What you have to do: Records follow. Select each line holding "Stdlib".
*** Listed entries ***
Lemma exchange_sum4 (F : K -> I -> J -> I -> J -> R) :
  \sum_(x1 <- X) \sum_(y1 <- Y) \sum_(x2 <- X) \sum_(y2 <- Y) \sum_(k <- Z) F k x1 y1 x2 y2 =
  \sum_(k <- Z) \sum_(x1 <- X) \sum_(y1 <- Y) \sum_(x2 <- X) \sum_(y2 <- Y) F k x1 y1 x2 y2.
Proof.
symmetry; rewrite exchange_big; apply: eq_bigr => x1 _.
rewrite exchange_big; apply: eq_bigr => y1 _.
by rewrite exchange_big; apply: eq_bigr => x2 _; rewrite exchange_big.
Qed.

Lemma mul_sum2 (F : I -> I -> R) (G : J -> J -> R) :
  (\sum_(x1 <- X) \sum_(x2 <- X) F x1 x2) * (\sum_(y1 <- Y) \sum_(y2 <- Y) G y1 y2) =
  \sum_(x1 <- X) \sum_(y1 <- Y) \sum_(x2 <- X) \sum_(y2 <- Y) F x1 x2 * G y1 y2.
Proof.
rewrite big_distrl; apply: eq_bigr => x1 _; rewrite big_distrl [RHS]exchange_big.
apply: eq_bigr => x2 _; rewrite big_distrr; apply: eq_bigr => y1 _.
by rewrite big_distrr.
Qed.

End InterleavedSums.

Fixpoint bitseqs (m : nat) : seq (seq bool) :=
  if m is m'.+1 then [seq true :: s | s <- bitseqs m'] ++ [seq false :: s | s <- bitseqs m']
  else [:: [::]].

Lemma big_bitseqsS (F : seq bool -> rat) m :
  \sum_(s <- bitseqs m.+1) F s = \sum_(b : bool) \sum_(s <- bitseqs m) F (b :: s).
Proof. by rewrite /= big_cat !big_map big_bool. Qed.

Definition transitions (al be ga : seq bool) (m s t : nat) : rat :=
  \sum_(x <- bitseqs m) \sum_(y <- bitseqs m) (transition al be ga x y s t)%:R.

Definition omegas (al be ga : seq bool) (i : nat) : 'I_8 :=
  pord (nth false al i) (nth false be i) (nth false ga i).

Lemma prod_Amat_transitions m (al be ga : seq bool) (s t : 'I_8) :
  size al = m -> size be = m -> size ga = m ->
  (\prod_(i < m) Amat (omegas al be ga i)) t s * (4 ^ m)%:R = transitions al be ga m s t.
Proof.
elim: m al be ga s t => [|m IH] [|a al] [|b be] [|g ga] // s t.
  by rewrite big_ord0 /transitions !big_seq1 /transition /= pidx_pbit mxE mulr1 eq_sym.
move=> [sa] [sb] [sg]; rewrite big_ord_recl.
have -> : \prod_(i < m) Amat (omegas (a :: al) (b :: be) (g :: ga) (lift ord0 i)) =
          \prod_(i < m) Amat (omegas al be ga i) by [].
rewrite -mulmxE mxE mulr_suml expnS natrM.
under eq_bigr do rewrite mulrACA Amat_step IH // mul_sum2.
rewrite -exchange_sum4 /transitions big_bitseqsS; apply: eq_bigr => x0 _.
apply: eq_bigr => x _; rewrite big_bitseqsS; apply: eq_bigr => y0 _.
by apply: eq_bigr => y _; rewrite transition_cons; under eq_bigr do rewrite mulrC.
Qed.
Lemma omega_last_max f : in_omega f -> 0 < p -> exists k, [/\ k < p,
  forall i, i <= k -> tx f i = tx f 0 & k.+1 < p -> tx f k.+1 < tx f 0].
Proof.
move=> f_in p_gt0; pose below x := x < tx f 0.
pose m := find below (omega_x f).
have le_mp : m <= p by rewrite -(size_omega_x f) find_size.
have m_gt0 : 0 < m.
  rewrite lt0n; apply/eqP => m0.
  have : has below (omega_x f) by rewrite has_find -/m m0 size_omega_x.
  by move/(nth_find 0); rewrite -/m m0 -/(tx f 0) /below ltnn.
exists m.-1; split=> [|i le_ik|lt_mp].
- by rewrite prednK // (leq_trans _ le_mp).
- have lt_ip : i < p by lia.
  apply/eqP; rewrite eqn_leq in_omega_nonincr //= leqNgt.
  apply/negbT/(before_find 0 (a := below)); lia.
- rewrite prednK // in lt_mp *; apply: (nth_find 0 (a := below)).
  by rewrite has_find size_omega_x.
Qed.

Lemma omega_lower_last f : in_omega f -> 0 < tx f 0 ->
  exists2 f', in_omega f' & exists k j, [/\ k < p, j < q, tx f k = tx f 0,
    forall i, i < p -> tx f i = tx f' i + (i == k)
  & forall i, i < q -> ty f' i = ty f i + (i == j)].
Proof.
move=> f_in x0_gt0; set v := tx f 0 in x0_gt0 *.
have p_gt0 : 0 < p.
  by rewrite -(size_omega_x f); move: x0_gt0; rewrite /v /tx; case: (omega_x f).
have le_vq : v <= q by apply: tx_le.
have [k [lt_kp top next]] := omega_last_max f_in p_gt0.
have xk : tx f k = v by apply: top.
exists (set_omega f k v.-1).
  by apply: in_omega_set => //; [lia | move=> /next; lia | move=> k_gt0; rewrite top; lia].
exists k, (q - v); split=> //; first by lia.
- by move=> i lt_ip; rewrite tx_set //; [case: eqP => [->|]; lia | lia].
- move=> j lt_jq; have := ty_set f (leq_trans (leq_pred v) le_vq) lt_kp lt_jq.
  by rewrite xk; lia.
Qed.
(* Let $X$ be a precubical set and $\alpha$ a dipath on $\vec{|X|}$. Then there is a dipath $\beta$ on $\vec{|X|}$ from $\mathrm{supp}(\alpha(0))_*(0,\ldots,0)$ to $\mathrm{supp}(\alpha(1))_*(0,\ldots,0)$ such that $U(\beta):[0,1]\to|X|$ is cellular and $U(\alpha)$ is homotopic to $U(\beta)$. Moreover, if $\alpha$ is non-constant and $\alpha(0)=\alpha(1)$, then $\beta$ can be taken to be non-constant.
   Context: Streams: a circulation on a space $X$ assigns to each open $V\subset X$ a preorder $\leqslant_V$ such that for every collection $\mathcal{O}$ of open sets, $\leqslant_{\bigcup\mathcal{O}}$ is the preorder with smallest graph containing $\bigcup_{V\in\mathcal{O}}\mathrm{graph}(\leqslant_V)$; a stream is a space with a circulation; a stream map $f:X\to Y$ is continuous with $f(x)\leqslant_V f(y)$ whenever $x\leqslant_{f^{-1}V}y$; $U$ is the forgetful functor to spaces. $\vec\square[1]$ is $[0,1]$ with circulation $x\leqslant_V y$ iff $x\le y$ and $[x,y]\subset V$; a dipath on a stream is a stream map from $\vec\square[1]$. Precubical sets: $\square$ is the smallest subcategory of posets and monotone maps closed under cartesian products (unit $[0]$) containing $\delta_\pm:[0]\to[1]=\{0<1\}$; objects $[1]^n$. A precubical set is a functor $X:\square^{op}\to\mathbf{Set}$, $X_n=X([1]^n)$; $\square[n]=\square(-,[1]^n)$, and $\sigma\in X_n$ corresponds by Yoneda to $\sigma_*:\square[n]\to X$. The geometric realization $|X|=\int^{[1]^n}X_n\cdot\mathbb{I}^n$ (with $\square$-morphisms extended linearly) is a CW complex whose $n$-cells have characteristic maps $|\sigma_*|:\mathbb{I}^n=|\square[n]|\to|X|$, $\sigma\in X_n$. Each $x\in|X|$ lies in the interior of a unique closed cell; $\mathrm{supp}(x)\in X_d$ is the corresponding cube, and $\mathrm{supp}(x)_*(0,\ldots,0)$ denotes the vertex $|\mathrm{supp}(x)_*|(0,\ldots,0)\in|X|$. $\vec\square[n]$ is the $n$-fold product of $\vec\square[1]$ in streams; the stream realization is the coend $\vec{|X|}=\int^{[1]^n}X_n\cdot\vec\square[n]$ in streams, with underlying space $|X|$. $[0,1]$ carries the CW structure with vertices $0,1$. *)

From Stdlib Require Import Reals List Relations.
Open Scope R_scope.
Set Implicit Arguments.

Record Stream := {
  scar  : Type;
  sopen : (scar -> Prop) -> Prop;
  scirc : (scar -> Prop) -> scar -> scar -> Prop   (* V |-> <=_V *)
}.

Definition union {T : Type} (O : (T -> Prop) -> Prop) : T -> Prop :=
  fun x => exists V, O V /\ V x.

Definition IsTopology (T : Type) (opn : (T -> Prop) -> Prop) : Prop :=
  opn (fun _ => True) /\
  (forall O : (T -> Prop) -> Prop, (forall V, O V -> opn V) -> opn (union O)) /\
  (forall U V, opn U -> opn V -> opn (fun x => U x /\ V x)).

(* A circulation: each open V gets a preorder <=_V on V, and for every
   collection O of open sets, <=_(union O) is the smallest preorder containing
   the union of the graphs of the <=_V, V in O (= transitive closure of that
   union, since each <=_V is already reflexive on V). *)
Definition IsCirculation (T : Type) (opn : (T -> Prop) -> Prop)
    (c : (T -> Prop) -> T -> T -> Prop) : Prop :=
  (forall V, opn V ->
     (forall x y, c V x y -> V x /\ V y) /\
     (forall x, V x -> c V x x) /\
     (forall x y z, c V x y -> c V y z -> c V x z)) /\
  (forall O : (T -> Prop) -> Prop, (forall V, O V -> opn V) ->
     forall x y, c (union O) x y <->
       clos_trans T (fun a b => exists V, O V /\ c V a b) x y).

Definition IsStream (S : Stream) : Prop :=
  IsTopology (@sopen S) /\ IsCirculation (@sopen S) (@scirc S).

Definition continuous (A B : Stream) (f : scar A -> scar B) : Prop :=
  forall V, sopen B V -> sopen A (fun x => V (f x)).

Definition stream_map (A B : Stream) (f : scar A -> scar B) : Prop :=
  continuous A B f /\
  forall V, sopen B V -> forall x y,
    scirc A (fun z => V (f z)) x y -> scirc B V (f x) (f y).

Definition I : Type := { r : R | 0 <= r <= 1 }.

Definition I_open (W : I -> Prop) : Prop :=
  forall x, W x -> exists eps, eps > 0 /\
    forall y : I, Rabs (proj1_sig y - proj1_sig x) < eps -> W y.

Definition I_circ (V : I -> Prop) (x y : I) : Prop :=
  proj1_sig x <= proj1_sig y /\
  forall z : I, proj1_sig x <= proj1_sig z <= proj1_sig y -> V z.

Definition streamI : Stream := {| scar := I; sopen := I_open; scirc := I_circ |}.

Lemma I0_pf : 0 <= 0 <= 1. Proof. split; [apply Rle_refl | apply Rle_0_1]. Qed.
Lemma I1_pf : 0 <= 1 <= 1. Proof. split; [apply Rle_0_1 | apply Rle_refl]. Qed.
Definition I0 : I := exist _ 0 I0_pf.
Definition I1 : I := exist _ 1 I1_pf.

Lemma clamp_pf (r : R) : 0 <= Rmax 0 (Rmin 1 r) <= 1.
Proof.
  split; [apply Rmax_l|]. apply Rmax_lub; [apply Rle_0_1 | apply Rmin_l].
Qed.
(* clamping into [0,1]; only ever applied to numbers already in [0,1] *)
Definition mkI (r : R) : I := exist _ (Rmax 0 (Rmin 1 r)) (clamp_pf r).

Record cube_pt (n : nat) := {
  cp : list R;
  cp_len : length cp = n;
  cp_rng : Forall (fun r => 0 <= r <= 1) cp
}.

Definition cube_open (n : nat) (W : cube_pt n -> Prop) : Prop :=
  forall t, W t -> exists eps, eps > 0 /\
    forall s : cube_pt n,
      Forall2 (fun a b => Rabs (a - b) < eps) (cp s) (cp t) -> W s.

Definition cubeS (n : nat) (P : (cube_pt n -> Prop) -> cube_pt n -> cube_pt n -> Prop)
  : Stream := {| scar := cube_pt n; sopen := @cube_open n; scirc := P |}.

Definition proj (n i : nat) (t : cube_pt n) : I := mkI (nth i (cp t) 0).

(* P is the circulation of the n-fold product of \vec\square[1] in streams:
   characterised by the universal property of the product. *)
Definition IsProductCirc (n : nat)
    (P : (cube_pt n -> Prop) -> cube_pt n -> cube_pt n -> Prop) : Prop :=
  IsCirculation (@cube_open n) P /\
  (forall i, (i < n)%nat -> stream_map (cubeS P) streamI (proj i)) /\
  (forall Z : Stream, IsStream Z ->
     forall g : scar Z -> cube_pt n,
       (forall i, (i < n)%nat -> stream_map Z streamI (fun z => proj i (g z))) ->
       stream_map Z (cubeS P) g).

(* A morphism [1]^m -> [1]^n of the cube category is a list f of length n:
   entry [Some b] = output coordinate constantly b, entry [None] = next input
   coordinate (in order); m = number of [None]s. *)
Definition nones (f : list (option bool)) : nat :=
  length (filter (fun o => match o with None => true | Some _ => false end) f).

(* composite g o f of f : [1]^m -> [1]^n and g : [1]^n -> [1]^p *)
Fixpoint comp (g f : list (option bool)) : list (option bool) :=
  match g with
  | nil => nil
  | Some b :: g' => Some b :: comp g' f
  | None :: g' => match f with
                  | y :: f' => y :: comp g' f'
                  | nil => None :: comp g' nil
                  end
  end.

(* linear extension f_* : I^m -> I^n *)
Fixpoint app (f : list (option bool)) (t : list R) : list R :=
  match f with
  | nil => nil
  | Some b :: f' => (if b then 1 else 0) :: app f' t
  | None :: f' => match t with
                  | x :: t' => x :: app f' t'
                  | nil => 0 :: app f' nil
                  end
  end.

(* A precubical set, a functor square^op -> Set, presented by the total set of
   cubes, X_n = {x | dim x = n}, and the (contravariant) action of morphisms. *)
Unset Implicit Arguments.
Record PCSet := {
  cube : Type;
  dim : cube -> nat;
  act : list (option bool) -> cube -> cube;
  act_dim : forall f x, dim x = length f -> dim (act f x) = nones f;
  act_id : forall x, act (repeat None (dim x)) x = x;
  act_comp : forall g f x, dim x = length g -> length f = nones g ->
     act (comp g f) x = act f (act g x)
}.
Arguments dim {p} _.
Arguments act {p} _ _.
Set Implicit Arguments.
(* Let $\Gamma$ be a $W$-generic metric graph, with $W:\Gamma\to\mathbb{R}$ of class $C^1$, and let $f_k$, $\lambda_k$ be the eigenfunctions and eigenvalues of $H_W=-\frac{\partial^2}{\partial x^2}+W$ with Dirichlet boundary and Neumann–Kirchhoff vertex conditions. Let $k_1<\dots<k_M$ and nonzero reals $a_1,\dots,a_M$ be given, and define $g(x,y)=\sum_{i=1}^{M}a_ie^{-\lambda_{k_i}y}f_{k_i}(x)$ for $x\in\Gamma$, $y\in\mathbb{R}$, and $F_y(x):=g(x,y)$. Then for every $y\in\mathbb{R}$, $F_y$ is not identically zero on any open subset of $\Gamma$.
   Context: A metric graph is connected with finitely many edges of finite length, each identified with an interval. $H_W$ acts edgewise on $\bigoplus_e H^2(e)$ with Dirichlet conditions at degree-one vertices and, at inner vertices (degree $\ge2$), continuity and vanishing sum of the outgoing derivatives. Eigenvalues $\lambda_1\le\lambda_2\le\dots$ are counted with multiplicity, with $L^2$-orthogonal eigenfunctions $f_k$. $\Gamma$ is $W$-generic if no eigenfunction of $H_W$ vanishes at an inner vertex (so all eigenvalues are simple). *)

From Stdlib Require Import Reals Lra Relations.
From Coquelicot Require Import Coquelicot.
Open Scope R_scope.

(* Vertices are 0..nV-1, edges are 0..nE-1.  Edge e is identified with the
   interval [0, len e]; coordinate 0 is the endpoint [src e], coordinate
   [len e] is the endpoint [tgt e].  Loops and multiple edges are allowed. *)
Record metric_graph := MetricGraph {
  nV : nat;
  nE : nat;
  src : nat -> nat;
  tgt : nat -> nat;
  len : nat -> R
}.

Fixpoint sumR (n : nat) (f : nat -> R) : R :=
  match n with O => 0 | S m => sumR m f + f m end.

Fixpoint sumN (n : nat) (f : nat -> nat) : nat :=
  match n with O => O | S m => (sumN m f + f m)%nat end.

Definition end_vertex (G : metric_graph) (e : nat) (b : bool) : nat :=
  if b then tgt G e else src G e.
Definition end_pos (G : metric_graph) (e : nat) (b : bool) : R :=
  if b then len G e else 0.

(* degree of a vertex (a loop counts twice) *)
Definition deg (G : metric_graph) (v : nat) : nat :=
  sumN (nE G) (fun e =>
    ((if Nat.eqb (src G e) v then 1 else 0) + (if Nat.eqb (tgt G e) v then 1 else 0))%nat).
***
Result for this exercise:
From Stdlib Require Import Reals List Relations.
From Stdlib Require Import Reals Lra Relations.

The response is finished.